AT THE Tianshunyuan abattoirs near the far-north city of Harbin, at the end of a narrow packed-ice road littered with the detritus of Spring Festival fireworks, Han Lubo explains why he plans to buy as much as a quarter of all the red meat Australia will export this year.
''We can only get reliable supplies of domestic lamb that meets our standards in July and August,'' says Han.
Almost all China's lamb and beef comes from low-rainfall grazing lands of northern and western China, which are frozen over for four months of the year. It's impossible for herdsman to supply fresh meat all year round to Chinese markets and restaurants.
Government-driven attempts to fence in nomadic herdsmen and cram more animals on to their rapidly degrading grasslands have backfired. Having 22 per cent of the world's population but only 7 per cent of its arable land and 6 per cent of renewable water supplies implies that China's red meat self-sufficiency is no longer economically feasible. Chinese red meat production has fallen in recent years as the country has reached something of an environmental frontier.
As is often the case these days, the combination of China's 1.3 billion people and rapidly rising incomes can lead to some mind-boggling numbers. Chinese consumers traditionally don't eat much red meat but their appetites are growing faster than in any other major market. China's annual per-capita consumption of sheep meat and beef has risen from 500 grams of each three decades ago to 3.5 kilograms and 5 kilograms respectively, as consumers get richer and borrow consumption patterns from abroad.
''The combination of increased wealth, urbanisation, westernisation and population growth saw total consumption of beef and sheep meat in China surge 2.5 million tonnes and 2 million tonnes, respectively, between 1996 and 2008,'' say Rabobank analysts Pan Chenjun and Wendy Voss, in a recent report, Feeding the Dragon.

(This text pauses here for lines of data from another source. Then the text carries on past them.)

(* Let $X$ be a finite connected poset, $F$ a field with $\mathrm{char}(F)=2$, and $\varphi$ a Lie automorphism of $I(X,F)$. The following are equivalent: (1) $\varphi(f^2)=\varphi(f)^2$ for all $f\in I(X,F)$; (2) $\varphi(E(I(X,F)))\subseteq E(I(X,F))$; (3) $\varphi(e_x)$ is an idempotent for every $x\in X$.
   Context: $I(X,F)$ is the incidence algebra of the locally finite poset $X$ over $F$ (functions $f:X\times X\to F$ vanishing unless $x\le y$, with product $(fg)(x,y)=\sum_{x\le z\le y}f(x,z)g(z,y)$). For $x\le y$, $e_{xy}\in I(X,F)$ is the function equal to $1$ at $(x,y)$ and $0$ elsewhere, and $e_x:=e_{xx}$. A poset is connected if any two elements are joined by a finite sequence of elements in which consecutive elements are comparable. $E(A)$ denotes the idempotents of $A$. In characteristic $2$, a Lie automorphism of $I(X,F)$ is a bijective $F$-linear map $\varphi$ with $\varphi(ab+ba)=\varphi(a)\varphi(b)+\varphi(b)\varphi(a)$ for all $a,b$. *)

From HB Require Import structures.
From mathcomp Require Import all_boot all_order all_algebra.
Set Implicit Arguments. Unset Strict Implicit. Unset Printing Implicit Defensive.
Import GRing.Theory.
Local Open Scope ring_scope.

Definition is_partial_order (T : finType) (le : rel T) : Prop :=
  [/\ reflexive le, antisymmetric le & transitive le].

Definition poset_connected (T : finType) (le : rel T) : Prop :=
  forall x y : T, exists s : seq T,
    path (fun a b => le a b || le b a) x s /\ last x s = y.

(* Incidence algebra I(X,F): functions f : T * T -> F vanishing unless x <= y. *)
Record incalg (T : finType) (le : rel T) (F : fieldType) := IncAlg {
  ifun :> {ffun T * T -> F};
  _ : [forall p : T * T, ~~ le p.1 p.2 ==> (ifun p == 0)]
}.

Lemma IncAlg_prop (T : finType) (le : rel T) (F : fieldType) (f : incalg le F) :
  [forall p : T * T, ~~ le p.1 p.2 ==> ((f : {ffun _ -> _}) p == 0)].
Proof. by case: f. Qed.

Section Ops.
Variables (T : finType) (le : rel T) (F : fieldType).

Lemma inc_add_proof (f g : incalg le F) :
  [forall p : T * T, ~~ le p.1 p.2 ==>
     ([ffun p => (f : {ffun _ -> _}) p + g p] p == 0)].
Proof.
have /forallP Hf := IncAlg_prop f; have /forallP Hg := IncAlg_prop g.
apply/forallP => p; apply/implyP => Hp; rewrite ffunE /=.
by rewrite (eqP (implyP (Hf p) Hp)) (eqP (implyP (Hg p) Hp)) addr0.
Qed.
Definition inc_add (f g : incalg le F) : incalg le F := IncAlg (inc_add_proof f g).

Lemma inc_scale_proof (c : F) (f : incalg le F) :
  [forall p : T * T, ~~ le p.1 p.2 ==> ([ffun p => c * (f : {ffun _ -> _}) p] p == 0)].
Proof.
have /forallP Hf := IncAlg_prop f; apply/forallP => p; apply/implyP => Hp.
by rewrite ffunE /= (eqP (implyP (Hf p) Hp)) mulr0.
Qed.
Definition inc_scale (c : F) (f : incalg le F) : incalg le F :=
  IncAlg (inc_scale_proof c f).

Definition inc_mul_fun (f g : incalg le F) : {ffun T * T -> F} :=
  [ffun p => \sum_(z : T | le p.1 z && le z p.2)
               (f : {ffun _ -> _}) (p.1, z) * (g : {ffun _ -> _}) (z, p.2)].

Hypothesis le_trans : transitive le.

Lemma inc_mul_proof (f g : incalg le F) :
  [forall p : T * T, ~~ le p.1 p.2 ==> (inc_mul_fun f g p == 0)].
Proof.
apply/forallP => p; apply/implyP => Hp; rewrite ffunE big_pred0 //.
move=> z; apply/negP => /andP[H1 H2]; by rewrite (le_trans H1 H2) in Hp.
Qed.
Definition inc_mul (f g : incalg le F) : incalg le F := IncAlg (inc_mul_proof f g).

And yet beef and lamb account for only 8 and 6 per cent respectively of Chinese meat consumption, behind poultry (20 per cent) and pork (65 per cent). China's Ministry of Agriculture expects beef and lamb consumption to grow another 1.5 million tonnes and 1 million tonnes respectively over the next decade.
While consumption is surging, Pan and Voss say production has fallen in recent years as the government reduces policy support. As a result, beef and lamb prices doubled in the two years to 2007 and have remained at those high levels since.
That's the good news for Australian farmers. The bad news is China's blue sky-potential remains just that, in the face of steep Chinese import tariffs.
China (including Hong Kong) imported just 13,000 tonnes of Australian beef last year, or 1.5 per cent of Australia's beef exports. Exports of lamb and mutton fared better, with 24,000 tonnes (15 per cent). But those exports are now growing exponentially, thanks in no small part to Han Lubo's efforts to brand Australian meat as a luxury product in an otherwise unreliable marketplace.
Like many of China's lamb and beef suppliers, Han is an ethnic Hui Muslim. He built a small empire from nothing by borrowing a few hundred dollars from friends and working absurd hours. Fifteen years ago he would rise at 3.30am and pedal his bike 24 kilometres to his roadside meat stall, sometimes in temperatures as low as minus 30 degrees.
He often tours Australia, where his daughter is studying international relations, and New Zealand, which used to be his main supplier. Australian lamb carcasses are larger, fattier and lighter in colour than the competition across the Tasman, he says. It tastes as good as the best Chinese lamb, from Hulunbei'er in Inner Mongolia, and has it all over the ''terrible'' produce of desertification-stricken Gansu province. Han hopes Australia and China will sign a free-trade agreement that at least closes the tariff advantage now granted to New Zealand producers.
This year his Tianshunyuan company plans to import 10,000 tonnes of Australian meat, up from 6800 tonnes last year. He mainly buys the rib and flank ''flaps'' that Australian consumers don't particularly like but that can be nicely rolled and then sliced for the hot pot. He also serves and packages premium cuts.
''I never studied, I just like to eat,'' he says, turning Australian wagyu beef on a mini-BBQ at his newest Harbin restaurant.
Han's strategy is clear at any of his high-end hot pot restaurants, where diners are bludgeoned with posters, pamphlets and high-rotation videos that advertise the safety and quality of Australian meat.
''Chinese people are caring more about quality and 'green' food,'' he says, without explicitly mentioning the food safety and smuggling scandals that plague China's meat and food industries.